(* An uncensored observation at [t_j] gives [ξ_j > 0]; a censored one gives
   [ζ_j / S_j(p) > 0] inside [R_j(p)]. Either way [T p j > 0]. *)
Lemma T_pos p : positive p -> positive (T p).
Proof.
  intros Hp j Hj. unfold T. apply Rmult_lt_0_compat; [apply Rinv_0_lt_compat, Ntot_pos|].
  pose proof (cens_nonneg p j Hp). pose proof (Hp j Hj). pose proof (a_pos j Hj).
  pose proof (X_nonneg j). pose proof (obs_weight j Hj).
  destruct (Rlt_or_le 0 (X j)) as [HX | HX].
  - assert (0 <= p j * a j * cens p j) by (apply Rmult_le_pos; nra). lra.
  - assert (Hterm : Z j / tail p j <= cens p j).
    { apply (rsum_term_le 0 (S j) (fun k => Z k / tail p k) j); [|lia].
      intros k Hk. pose proof (tail_pos p k Hp ltac:(lia)). pose proof (Z_nonneg k).
      apply Rmult_le_pos; [lra | apply Rlt_le, Rinv_0_lt_compat; lra]. }
    pose proof (tail_pos p j Hp Hj).
    assert (0 < Z j / tail p j) by (apply Rdiv_lt_0_compat; lra).
    assert (0 < p j * a j * cens p j) by (apply Rmult_lt_0_compat; nra). lra.
Qed.

(* T maps positive points to the simplex: by [moment], Σ_j p_j a_j R_j(p) = n. *)
Lemma T_sum p : positive p -> rsum 0 h (T p) = 1.
Proof.
  intros Hp. unfold T. rewrite rsum_scal, rsum_plus, moment.
  rewrite (rsum_ext 0 h (fun k => Z k * (tail p k / tail p k)) Z).
  - rewrite <- Ntot_eq. pose proof Ntot_pos. field. lra.
  - intros k Hk. pose proof (tail_pos p k Hp ltac:(lia)). field. lra.
Qed.

Lemma T_simplex p : positive p -> in_simplex h (T p).
Proof. intros Hp. split; [intros j Hj; apply Rlt_le, T_pos; assumption | apply T_sum, Hp]. Qed.

(** First-order optimality of the maximizer [ps]. *)

Variable ps : nat -> R.
Hypothesis ps_simplex : in_simplex h ps.
Hypothesis ps_pos : positive ps.
Hypothesis ps_max : forall q, in_simplex h q ->
  rprod 0 h (fun j => q j ^ xi j * tail q j ^ zeta j)
  <= rprod 0 h (fun j => ps j ^ xi j * tail ps j ^ zeta j).

Definition loglik p := rsum 0 h (fun j => X j * ln (p j) + Z j * ln (tail p j)).

(* On positive points the likelihood is [exp ∘ loglik], so [ps] also maximizes [loglik]. *)
Lemma loglik_max q : in_simplex h q -> positive q -> loglik q <= loglik ps.
Proof.
  intros Hq Hqp.
  assert (Hln : forall p, positive p ->
    0 < rprod 0 h (fun j => p j ^ xi j * tail p j ^ zeta j) /\
    ln (rprod 0 h (fun j => p j ^ xi j * tail p j ^ zeta j)) = loglik p).
  { intros p Hp. destruct (ln_rprod h (fun j => p j ^ xi j * tail p j ^ zeta j)) as [H1 H2].
    - intros k Hk. apply Rmult_lt_0_compat; apply pow_lt; [apply Hp | apply tail_pos]; auto.
    - split; [exact H1|]. rewrite H2. apply rsum_ext. intros k Hk.
      pose proof (Hp k ltac:(lia)). pose proof (tail_pos p k Hp ltac:(lia)).
      rewrite ln_mult by (apply pow_lt; assumption). rewrite !ln_pow by assumption. reflexivity. }
  destruct (Hln q Hqp) as [A1 A2]. destruct (Hln ps ps_pos) as [B1 B2].
  rewrite <- A2, <- B2. destruct (Rle_lt_or_eq_dec _ _ (ps_max q Hq)) as [Hlt | Heq].
  - apply Rlt_le, ln_increasing; assumption.
  - rewrite Heq. lra.
Qed.

(* The score of a point [y]: the derivative at [e = 0] of
   [loglik ((1 - e) ps + e y)] equals [score y - N]. *)
Definition score y := rsum 0 h (fun j => X j * (y j / ps j) + Z j * (tail y j / tail ps j)).

(* Moving from [ps] towards [y] by a fraction [e] cannot increase [loglik];
   combined with the second-order bound [ln_lower] this controls the score. *)
Lemma loglik_perturbation y e :
  (forall j, (j < h)%nat -> 0 <= y j) -> rsum 0 h y = 1 -> 0 < e <= /2 ->
  rsum 0 h (fun j =>
    X j * (e * (y j / ps j - 1) - 2 * (e * e) * ((y j / ps j - 1) * (y j / ps j - 1))) +
    Z j * (e * (tail y j / tail ps j - 1)
           - 2 * (e * e) * ((tail y j / tail ps j - 1) * (tail y j / tail ps j - 1)))) <= 0.
Proof.
  intros Hy Hsum He. destruct ps_simplex as [_ Hps1].
  set (q := fun j => (1 - e) * ps j + e * y j).
  assert (Hqp : positive q).
  { intros j Hj. unfold q. pose proof (ps_pos j Hj). pose proof (Hy j Hj). nra. }
  assert (Hqs : in_simplex h q).
  { split; [intros j Hj; apply Rlt_le, Hqp, Hj|].
    unfold q. rewrite rsum_plus, !rsum_scal, Hps1, Hsum. ring. }
  pose proof (loglik_max q Hqs Hqp) as Hmax. unfold loglik in Hmax.
  assert (Hgap : rsum 0 h (fun j => (X j * ln (q j) + Z j * ln (tail q j))
                                   - (X j * ln (ps j) + Z j * ln (tail ps j))) <= 0)
    by (rewrite rsum_minus; lra).
  eapply Rle_trans; [|exact Hgap]. apply rsum_le. intros j Hj.
  pose proof (ps_pos j ltac:(lia)). pose proof (Hqp j ltac:(lia)).
  pose proof (tail_pos ps j ps_pos ltac:(lia)). pose proof (tail_pos q j Hqp ltac:(lia)).
  assert (Eq : q j / ps j = 1 + e * (y j / ps j - 1)) by (unfold q; field; lra).
  assert (Et : tail q j / tail ps j = 1 + e * (tail y j / tail ps j - 1)).
  { unfold q. rewrite tail_lin. field. lra. }
  assert (Hv : -1 <= y j / ps j - 1).
  { pose proof (Hy j ltac:(lia)). assert (0 <= y j / ps j) by (apply Rmult_le_pos; [lra | apply Rlt_le, Rinv_0_lt_compat; lra]). lra. }
  assert (Hu : -1 <= tail y j / tail ps j - 1).
  { pose proof (tail_nonneg y j Hy).
    assert (0 <= tail y j / tail ps j) by (apply Rmult_le_pos; [lra | apply Rlt_le, Rinv_0_lt_compat; lra]). lra. }
  pose proof (ln_lower e _ He Hv) as Lv. pose proof (ln_lower e _ He Hu) as Lu.
  rewrite <- Eq, ln_div in Lv by assumption. rewrite <- Et, ln_div in Lu by assumption.
  pose proof (X_nonneg j). pose proof (Z_nonneg j).
  apply (Rmult_le_compat_l (X j)) in Lv; [|assumption].
  apply (Rmult_le_compat_l (Z j)) in Lu; [|assumption]. lra.
Qed.

Lemma score_le y : (forall j, (j < h)%nat -> 0 <= y j) -> rsum 0 h y = 1 -> score y <= Ntot.
Proof.
  intros Hy Hsum.
  set (v := fun j => y j / ps j - 1). set (u := fun j => tail y j / tail ps j - 1).
  set (B := rsum 0 h (fun j => X j * v j + Z j * u j)).
  set (C := rsum 0 h (fun j => X j * (v j * v j) + Z j * (u j * u j))).
  assert (HB : B = score y - Ntot).
  { unfold B, v, u, score. rewrite Ntot_eq, <- rsum_plus, <- rsum_minus.
    apply rsum_ext. intros. ring. }
  assert (HC : 0 <= C).
  { apply rsum_nonneg. intros j Hj. pose proof (X_nonneg j). pose proof (Z_nonneg j).
    pose proof (Rle_0_sqr (v j)). pose proof (Rle_0_sqr (u j)). unfold Rsqr in *.
    apply Rplus_le_le_0_compat; apply Rmult_le_pos; assumption. }
  enough (B <= 0) by lra.
  apply (le0_of_quadratic_bound B C HC). intros e He.
  eapply Rle_trans; [|exact (loglik_perturbation y e Hy Hsum He)].
  unfold B, C. rewrite <- !rsum_scal, <- rsum_minus. apply Req_le, rsum_ext.
  intros. unfold v, u. ring.
Qed.

Lemma score_split y : score y = rsum 0 h (fun j => y j * (X j / ps j + a j * cens ps j)).
Proof.
  unfold score. rewrite rsum_plus, <- moment, <- rsum_plus.
  apply rsum_ext. intros. unfold Rdiv. ring.
Qed.

Lemma fixed_point k : (k < h)%nat -> X k + ps k * a k * cens ps k = Ntot * ps k.
Proof.
  set (g := fun i => Ntot * ps i - (X i + ps i * a i * cens ps i)).
  assert (Hg : forall i, (0 <= i < h)%nat -> 0 <= g i).
  { intros i Hi. set (ei := fun j => if Nat.eq_dec j i then 1 else 0).
    assert (Hei : forall F, rsum 0 h (fun j => ei j * F j) = F i)
      by (intros F; apply rsum_indicator; lia).
    assert (Hle := score_le ei).
    rewrite score_split, Hei in Hle.
    rewrite (rsum_ext 0 h ei (fun j => ei j * 1)), Hei in Hle by (intros; ring).
    specialize (Hle ltac:(intros j _; unfold ei; destruct (Nat.eq_dec j i); lra) eq_refl).
    pose proof (ps_pos i ltac:(lia)). unfold g.
    apply (Rmult_le_compat_l (ps i)) in Hle; [|lra].
    replace (ps i * (X i / ps i + a i * cens ps i)) with (X i + ps i * a i * cens ps i)
      in Hle by (field; lra). lra. }
  assert (Hsum : rsum 0 h g = 0).
  { unfold g. rewrite rsum_minus, rsum_scal, rsum_plus, moment.
    destruct ps_simplex as [_ ->].
    rewrite (rsum_ext 0 h (fun k => Z k * (tail ps k / tail ps k)) Z), Ntot_eq; [ring|].
    intros i Hi. pose proof (tail_pos ps i ps_pos ltac:(lia)). field. lra. }
  intros Hk. pose proof (rsum_zero_terms 0 h g Hg Hsum k ltac:(lia)). unfold g in *. lra.
Qed.

Lemma score_eq y : score y = Ntot * rsum 0 h y.
Proof.
  rewrite score_split, <- rsum_scal. apply rsum_ext. intros j Hj.
  pose proof (fixed_point j ltac:(lia)). pose proof (ps_pos j ltac:(lia)).
  replace (X j / ps j + a j * cens ps j) with (Ntot * ps j / ps j)
    by (rewrite <- H; field; lra).
  field. lra.
Qed.

(** The Lyapunov function [Phi] and the divergence [D]. *)

Definition Phi p := - rsum 0 h (fun j => ps j * ln (p j)).
Definition divergence p :=
  / Ntot * rsum 0 h (fun j => X j * ln (ps j / p j) + Z j * ln (tail ps j / tail p j)).

(* Jensen's inequality applied to the fixed-point form of the EM ratio:
   T(p)_j / p_j = c x + Σ_{k ≤ j} w_k y_k with c = ξ_j / (N ps_j), x = ps_j / p_j,
   w_k = a_j ζ_k / (N S_k(ps)), y_k = S_k(ps) / S_k(p), and c + Σ w_k = 1 by [fixed_point]. *)
Lemma log_ratio_lower p j : positive p -> (j < h)%nat ->
  X j / Ntot * ln (ps j / p j)
  + ps j * a j * rsum 0 (S j) (fun k => Z k / (Ntot * tail ps k) * ln (tail ps k / tail p k))
  <= ps j * ln (T p j / p j).
Proof.
  intros Hp Hj.
  pose proof (Hp j Hj). pose proof (ps_pos j Hj). pose proof (a_pos j Hj). pose proof Ntot_pos.
  set (c := X j / (Ntot * ps j)).
  set (w := fun k => a j / Ntot * (Z k / tail ps k)).
  set (y := fun k => tail ps k / tail p k).
  assert (Hc : 0 <= c).
  { pose proof (X_nonneg j). apply Rmult_le_pos; [lra | apply Rlt_le, Rinv_0_lt_compat; nra]. }
  assert (Hwy : forall k, (0 <= k < S j)%nat -> 0 <= w k /\ 0 < y k).
  { intros k Hk. pose proof (tail_pos ps k ps_pos ltac:(lia)).
    pose proof (tail_pos p k Hp ltac:(lia)). pose proof (Z_nonneg k). unfold w, y. split.
    - apply Rmult_le_pos; apply Rmult_le_pos; try apply Rlt_le, Rinv_0_lt_compat; lra.
    - apply Rdiv_lt_0_compat; assumption. }
  assert (Hweights : c + rsum 0 (S j) w = 1).
  { unfold w. rewrite rsum_scal. fold (cens ps j). pose proof (fixed_point j Hj).
    unfold c. field_simplify_eq; [nra | lra]. }
  assert (Hmix : c * (ps j / p j) + rsum 0 (S j) (fun k => w k * y k) = T p j / p j).
  { rewrite (rsum_ext 0 (S j) _ (fun k => a j / Ntot * (Z k / tail p k))).
    - rewrite rsum_scal. unfold c, T, cens. field. lra.
    - intros k Hk. pose proof (tail_pos ps k ps_pos ltac:(lia)).
      pose proof (tail_pos p k Hp ltac:(lia)). unfold w, y. field. lra. }
  assert (HM : 0 < T p j / p j) by (apply Rdiv_lt_0_compat; [apply T_pos|]; assumption).
  rewrite <- Hmix in HM |- *.
  pose proof (ln_jensen 0 (S j) c (ps j / p j) w y Hc ltac:(apply Rdiv_lt_0_compat; lra)
                Hwy Hweights HM) as J.
  apply (Rmult_le_compat_l (ps j)) in J; [|lra].
  eapply Rle_trans; [|exact J]. apply Req_le.
  rewrite Rmult_plus_distr_l. f_equal; [unfold c; field; lra|].
  rewrite <- (rsum_scal 0 (S j) (ps j * a j)), <- (rsum_scal 0 (S j) (ps j)).
  apply rsum_ext. intros k Hk. pose proof (tail_pos ps k ps_pos ltac:(lia)).
  unfold w, y. field. lra.
Qed.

Work to be completed | What should be returned is the run of lines from the first line of the material through the line containing "destruct (Rlt_or_le 0 (X j)) as [HX | HX].", exact and inclusive, and nothing else.

Task answer |
(* An uncensored observation at [t_j] gives [ξ_j > 0]; a censored one gives
   [ζ_j / S_j(p) > 0] inside [R_j(p)]. Either way [T p j > 0]. *)
Lemma T_pos p : positive p -> positive (T p).
Proof.
  intros Hp j Hj. unfold T. apply Rmult_lt_0_compat; [apply Rinv_0_lt_compat, Ntot_pos|].
  pose proof (cens_nonneg p j Hp). pose proof (Hp j Hj). pose proof (a_pos j Hj).
  pose proof (X_nonneg j). pose proof (obs_weight j Hj).
  destruct (Rlt_or_le 0 (X j)) as [HX | HX].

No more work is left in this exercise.